Re: [ovirt-users] [hosted-engine] Error creating a glusterfs storage domain

2016-02-24 Thread Wee Sritippho

Hi,

Wow. How dumb of me. I just realized that I answered "Yes" in this 
configuration question:


iptables was detected on your computer, do you wish setup to configure 
it? (Yes, No)[Yes]:


So the hosted-engine setup configure my empty iptables to allow just 
some necessary port (excluding glusterfs)


I solved this by editing /etc/sysconfig/iptables to:

# oVirt+glusterfs firewall configuration.
*filter
:INPUT ACCEPT [0:0]
:FORWARD ACCEPT [0:0]
:OUTPUT ACCEPT [0:0]
-A INPUT -m state --state ESTABLISHED,RELATED -j ACCEPT
-A INPUT -p icmp -j ACCEPT
-A INPUT -i lo -j ACCEPT
# vdsm
-A INPUT -p tcp --dport 54321 -j ACCEPT
# rpc.statd
-A INPUT -p tcp --dport 111 -j ACCEPT
-A INPUT -p udp --dport 111 -j ACCEPT
# SSH
-A INPUT -p tcp --dport 22 -j ACCEPT
# snmp
-A INPUT -p udp --dport 161 -j ACCEPT
# libvirt tls
-A INPUT -p tcp --dport 16514 -j ACCEPT
# serial consoles
-A INPUT -p tcp -m multiport --dports 2223 -j ACCEPT
# guest consoles
-A INPUT -p tcp -m multiport --dports 5900:6923 -j ACCEPT
# migration
-A INPUT -p tcp -m multiport --dports 49152:49216 -j ACCEPT
# glusterfs
-A INPUT -p tcp --dport 24007:24008 -j ACCEPT
-A INPUT -p tcp --dport 24007:24008 -j ACCEPT
-A INPUT -p tcp --dport 38465:38467 -j ACCEPT
# nfs
-A INPUT -p tcp --dport 2049 -j ACCEPT

# Reject any other input traffic
-A INPUT -j REJECT --reject-with icmp-host-prohibited
-A FORWARD -m physdev ! --physdev-is-bridged -j REJECT --reject-with 
icmp-host-prohibited

COMMIT

Then restarted iptables and run 'hosted-engine --deploy again'. This 
time, I made sure to answer "No" when the setup asked me if it should 
alter iptables or not. The deployment was success, although with some 
errors:


[ ERROR ] The VDSM host was found in a failed state. Please check engine 
and bootstrap installation logs.

[ ERROR ] Unable to add hosted_engine_1 to the manager

I were somehow able to solve them by manually SSH from the engine to the 
host, so that the host's key fingerprint was added to the engine's 
known_hosts. Then I logged into the engine's web UI and manually 
reinstall hosted_engine_1 with the "Automatically configure host 
firewall" option deselected (since I already included all of its 
configuration in my iptables file).


I also set the virt group profile on the storage domain's volume as you 
suggested.


Thank you very much for guiding me.
Wee

On 23/2/2559 17:49, Sahina Bose wrote:

The error indicates : OSError: [Errno 30] Read-only file system

Can you check the output of "gluster volume status gv0" on 
host01.ovirt.forest.go.th. Please make sure that firewall is not 
blocking gluster ports from communicating on the 3 nodes.

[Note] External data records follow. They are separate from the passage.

(* Continuous induction: the set of [t] up to which [|h s - h 0| <= (M + e) s + e]
   holds cannot have a supremum below [1]. *)
Lemma mean_value_le (h : R -> X) (M : R) :
  (forall t, 0 <= t -> t <= 1 -> exists2 v : X, `|v| <= M &
     forall e, 0 < e -> exists2 d, 0 < d &
       forall s, `|s| < d -> `|h (t + s) - h t - s *: v| <= e * `|s|) ->
  `|h 1 - h 0| <= M.
Proof.
move=> hd; apply/ler_addgt0Pr => e2 e20.
pose e := e2 / 2; have e0 : 0 < e by rewrite divr_gt0.
pose S := [set t : R | (0 <= t <= 1) /\
  forall s, 0 <= s -> s <= t -> `|h s - h 0| <= (M + e) * s + e].
have S0 : S 0.
  split; first by rewrite lexx ler01.
  move=> s s0 s0'; have -> : s = 0 by apply/eqP; rewrite eq_le s0 s0'.
  by rewrite subrr normr0 mulr0 add0r ltW.
have supS : has_sup S by split; [exists 0 | exists 1 => t [/andP[]]].
pose tau := sup S.
have tau_ub : forall t, S t -> t <= tau := sup_upper_bound supS.
have tau0 : 0 <= tau := tau_ub 0 S0.
have tau1 : tau <= 1 by apply: ge_sup; [exists 0 | move=> t [/andP[]]].
have [v vM hv] := hd tau tau0 tau1.
have [d d0 hvd] := hv e e0.
have loc := derivative_local_lipschitz vM hvd.
have [s' Ss' s'tau'] := sup_adherent d0 supS.
have s'tau : s' <= tau := tau_ub _ Ss'.
have S_right : forall T, tau <= T -> T <= 1 -> T <= tau + d / 2 -> S T.
  move=> T tT T1 Td; split; first by rewrite T1 andbT (le_trans tau0 tT).
  move=> u u0 uT; have [ut|tu] := ltP u tau.
    have [w Sw tw] : exists2 w, S w & tau - (tau - u) < w.
      by apply: sup_adherent supS; rewrite subr_gt0.
    by apply: Sw.2 => //; apply: ltW; rewrite opprB addrC subrK in tw.
  have hs' : `|h s' - h 0| <= (M + e) * s' + e by case: Ss' => /andP[s'0 _]; apply.
  apply: (norm_chain_le (t := tau) hs').
    rewrite distrC -[tau - s']ger0_norm ?subr_ge0 // [`|tau - s'|]distrC.
    apply: loc; rewrite distrC ger0_norm ?subr_ge0 //.
    by rewrite ltrBlDl -ltrBlDr.
  rewrite -[u - tau]ger0_norm ?subr_ge0 //; apply: loc.
  rewrite ger0_norm ?subr_ge0 // ltrBlDl (le_lt_trans (le_trans uT Td)) //.
  by rewrite ltrD2l ltr_pdivrMr // ltr_pMr // ltr1n.
have [td1|td1] := leP (tau + d / 2) 1.
  have tau_le : tau <= tau + d / 2 by rewrite lerDl divr_ge0 // ltW.
  have := tau_ub _ (S_right _ tau_le td1 (lexx _)).
  by rewrite gerDl leNgt divr_gt0.
have [_ S1] := S_right 1 tau1 (lexx _) (ltW td1).
by have := S1 1 ler01 (lexx _); rewrite mulr1 -addrA /e -splitr.
Qed.

Lemma norm_segment_le (a b y : X) (rho t : R) : 0 <= t -> t <= 1 ->
  `|a - y| <= rho -> `|b - y| <= rho -> `|b + t *: (a - b) - y| <= rho.
Proof.
move=> t0 t1 ay hby.
have -> : b + t *: (a - b) - y = (1 - t) *: (b - y) + t *: (a - y).
  rewrite [in RHS]scalerBl scale1r -[in RHS]addrA [- _ + _]addrC -scalerBr.
  by rewrite opprB subrKA addrAC.
apply: le_trans (ler_normD _ _) _.
rewrite !normrZ (ger0_norm t0) ger0_norm ?subr_ge0 //.
apply: le_trans (lerD (ler_wpM2l _ hby) (ler_wpM2l t0 ay)) _; first by rewrite subr_ge0.
by rewrite -mulrDl subrK mul1r.
Qed.

Lemma holder_remainder_le (g : X -> X) (D r rho : R) (a b y : X) :
  (forall x, differentiable g x) -> 0 <= D -> 0 <= r ->
  (forall x x' v, `|'d g x v - 'd g x' v| <= D * `|x - x'| `^ r * `|v|) ->
  `|a - y| <= rho -> `|b - y| <= rho ->
  `|g a - g b - 'd g y (a - b)| <= D * rho `^ r * `|a - b|.
Proof.
move=> dg D0 r0 holder ay hby.
pose w := a - b; pose xt t := b + t *: w.
pose h t := g (xt t) - 'd g y (xt t).
have -> : g a - g b - 'd g y w = h 1 - h 0.
  rewrite /h /xt scale1r scale0r addr0 subrKC linearB /=.
  by rewrite !opprB addrACA [RHS]addrACA [- g b + _]addrC.
apply: mean_value_le => t t0 t1.
exists ('d g (xt t) w - 'd g y w).
  apply: le_trans (holder _ _ _) _; rewrite ler_wpM2r // ler_wpM2l //.
  apply: ge0_ler_powR; rewrite ?nnegrE //; last exact: norm_segment_le.
  exact: le_trans ay.
move=> e e0.
have w1 : 0 < `|w| + 1 by rewrite ltr_wpDl.
have [d d0 hd] := differentiable_remainder_le (dg (xt t)) (divr_gt0 e0 w1).
exists (d / (`|w| + 1)); first by rewrite divr_gt0.
move=> s sd.
have swd : `|s *: w| < d.
  rewrite normrZ (le_lt_trans _ (_ : `|s| * (`|w| + 1) < d)) //.
    by rewrite ler_wpM2l // lerDl.
  by rewrite -ltr_pdivlMr.
(* The linear terms [d_y g] cancel, leaving the remainder of [g] at [xt t]. *)
have -> : h (t + s) - h t - s *: ('d g (xt t) w - 'd g y w) =
    g (xt t + s *: w) - g (xt t) - 'd g (xt t) (s *: w).
  have cancel_dy (x p q u v : X) : x - (p + q) - (u - p) - (v - q) = x - u - v.
    by rewrite opprD !opprB !addrA [_ - q + p]addrAC subrK [_ - u + q]addrAC subrK.
  have xts : xt (t + s) = xt t + s *: w by rewrite /xt scalerDl addrA.
  have dy : 'd g y (xt t + s *: w) = 'd g y (xt t) + s *: 'd g y w.
    by rewrite linearD linearZ.
  by rewrite /h xts dy (scalerBr s ('d g (xt t) w)) cancel_dy [in RHS]linearZ.
apply: le_trans (hd _ swd) _.
rewrite normrZ mulrA mulrAC ler_wpM2r // mulrAC ler_pdivrMr // ler_wpM2l ?ltW //.
by rewrite ltrDl.
Qed.
End MeanValue.

Section Vanishing.
Variable R : realType.

Lemma vanishing_lt (q : nat -> R) : q @ \oo --> 0 ->
  forall e, 0 < e -> exists N, forall k, (N <= k)%N -> q k < e.
Proof.
move=> /cvgrPdist_lt q0 e e0; have [N _ qN] := q0 e e0.
exists N => k Nk; have := qN k Nk; rewrite sub0r normrN.
exact/le_lt_trans/ler_norm.
Qed.

Lemma ler_of_vanishing (q : nat -> R) (a b : R) (N : nat) : q @ \oo --> 0 ->
  (forall k, (N <= k)%N -> a <= b + q k) -> a <= b.
Proof.
move=> /vanishing_lt q0 hq; apply/ler_addgt0Pr => e e0.
have [M qM] := q0 e e0.
apply: le_trans (hq (maxn N M) (leq_maxl _ _)) _.
by rewrite lerD2l ltW // qM // leq_maxr.
Qed.

Lemma cauchy_modulus_limit (X : completeNormedModType R) (u : nat -> X) (q : nat -> R) :
  (forall k l, (k <= l)%N -> `|u l - u k| <= q k) -> q @ \oo --> 0 ->
  exists z : X, forall k, `|z - u k| <= q k.
Proof.
move=> uq q0.
have /cvg_ex [z uz] : cvgn u.
  apply: cauchy_cvg; apply: cauchy_exP => e e0.
  have [N qN] := vanishing_lt q0 e0.
  exists (u N); rewrite /fmapE -ball_normE; exists N => // m Nm /=.
  by rewrite distrC (le_lt_trans (uq _ _ Nm)) ?qN.
exists z => k; apply/ler_addgt0Pr => e e0.
have /cvgrPdist_lt /(_ e e0) [N _ uN] := uz.
rewrite -(subrK (u (maxn N k)) z) -addrA addrC.
apply: le_trans (ler_normD _ _) _.
by rewrite lerD ?uq ?leq_maxr // ltW // uN //= leq_maxl.
Qed.
End Vanishing.

Section SequenceSpace.
Variables (R : realType) (mem : set (int -> R)) (bnorm : (int -> R) -> R).
Hypothesis HB : admissible_banach_seq_space mem bnorm.

Lemma bnorm_indicator n : bnorm (seq_indicator R n) = 1.
Proof.
have -> : seq_indicator R n = seq_shift (seq_indicator R 0) (- n).
  by apply/funext => k; rewrite /seq_shift /seq_indicator subr_eq0.
by rewrite (bss_shift HB _ (bss_indicator HB 0).1).2 (bss_indicator0 HB).
Qed.

(* Solidity against [|s n|] times the indicator of [n]. *)
Lemma bnorm_coord_le s n : mem s -> `|s n| <= bnorm s.
Proof.
move=> ms.
have le_s k : `| `|s n| * seq_indicator R n k| <= `|s k|.
  by rewrite /seq_indicator; case: eqP => [->|_]; rewrite ?mulr1 ?normr_id ?mulr0 ?normr0.
have [_] := bss_solid HB ms le_s.
by rewrite (bss_normZ HB _ (bss_indicator HB n).1) bnorm_indicator mulr1 normr_id.
Qed.

Lemma bss_memB s t : mem s -> mem t -> mem (fun n => s n - t n).
Proof.
move=> ms mt; have := bss_memD HB ms (bss_memZ HB (-1) mt).
by under eq_fun do rewrite mulN1r.
Qed.

Lemma bnorm_distC s t : mem s -> mem t ->
  bnorm (fun n => t n - s n) = bnorm (fun n => s n - t n).
Proof.
move=> ms mt; have := bss_normZ HB (-1) (bss_memB ms mt).
by under eq_fun do rewrite mulN1r opprB; rewrite normrN normr1 mul1r.
Qed.

Lemma bss_cauchy_limit (u : nat -> int -> R) (q : nat -> R) :
  (forall k, mem (u k)) ->
  (forall k l, (k <= l)%N -> bnorm (fun n => u l n - u k n) <= q k) -> q @ \oo --> 0 ->
  exists2 s, mem s & forall k, bnorm (fun n => s n - u k n) <= q k.
Proof.
move=> mu uq q0.
have [s [ms us]] : exists s, mem s /\ forall e : R, 0 < e ->
    exists N : nat, forall k : nat, (N <= k)%N -> bnorm (fun n => u k n - s n) < e.
  apply: (bss_complete HB mu) => e /(vanishing_lt q0) [N qN].
  exists N => k l Nk Nl; have [kl|/ltnW lk] := leqP k l.
    by rewrite bnorm_distC // (le_lt_trans (uq _ _ kl)) ?qN.
  by rewrite (le_lt_trans (uq _ _ lk)) ?qN.
exists s => // k; apply/ler_addgt0Pr => e /us [N sN].
pose l := maxn N k.
have -> : (fun n => s n - u k n) = (fun n => (s n - u l n) + (u l n - u k n)).
  by apply/funext => n; rewrite addrA subrK.
apply: le_trans (bss_normD HB (bss_memB ms (mu l)) (bss_memB (mu l) (mu k))) _.
by rewrite addrC lerD ?uq ?leq_maxr // bnorm_distC // ltW // sN // leq_maxl.
Qed.
End SequenceSpace.
Lemma card_Av_132_213_2341 n :
  #|Av n.+1 [:: [:: 1; 3; 2]; [:: 2; 1; 3]; [:: 2; 3; 4; 1]]| = (fib n.+3).-1.
Proof.
apply: (card_Av_fib (q := iota 0)).
- by move=> k.
- by move=> p; rewrite !inE => /or3P [] /eqP ->.
- by move=> p; rewrite !inE => /or3P [] /eqP ->.
- by move=> k _; rewrite -iota0S; exact: avoids_132_213_2341_special.
- move=> k s perm_s av; apply: decompose_132_213_2341 perm_s (av _ _) (av _ _) (av _ _).
  all: by rewrite !inE eqxx ?orbT.
Qed.

Theorem theorem3p4 (n : nat) : (0 < n)%N ->
  #|Av n [:: [:: 1; 2; 3]; [:: 1; 3; 2]; [:: 3; 2; 4; 1]]| = (fib n.+2).-1 /\
  #|Av n [:: [:: 1; 3; 2]; [:: 2; 1; 3]; [:: 2; 3; 4; 1]]| = (fib n.+2).-1.
Proof.
case: n => // n _.
by split; [exact: card_Av_123_132_3241 | exact: card_Av_132_213_2341].
Qed.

On a different note, since you are using gv0 as storage domain, set 
the virt group profile on this volume - "gluster volume set gv0 group 
virt"


On 02/23/2016 01:39 PM, Wee Sritippho wrote:

Hi,

I'm trying to deploy an oVirt Hosed Engine environment using this 
glusterfs volume:


# gluster volume info

Volume Name: gv0
Type: Replicate
Volume ID: 37bba03b-7276-421a-8960-81e28196ebde
Status: Started
Number of Bricks: 1 x 3 = 3
Transport-type: tcp
Bricks:
Brick1: host01.ovirt.forest.go.th:/data/brick1/gv0
Brick2: host03.ovirt.forest.go.th:/data/brick1/gv0
Brick3: host02.ovirt.forest.go.th:/data/brick1/gv0
Options Reconfigured:
storage.owner-gid: 36
storage.owner-uid: 36
performance.readdir-ahead: on

But the deployment failed with this error message:

[ ERROR ] Failed to execute stage 'Misc configuration': Error 
creating a storage domain: ('storageType=7, 
sdUUID=be5f66d8-57ef-43c8-90a5-e9132e0c95b4, 
domainName=hosted_storage, domClass=1, 
typeSpecificArg=host01.ovirt.forest.go.th:/gv0 domVersion=3',)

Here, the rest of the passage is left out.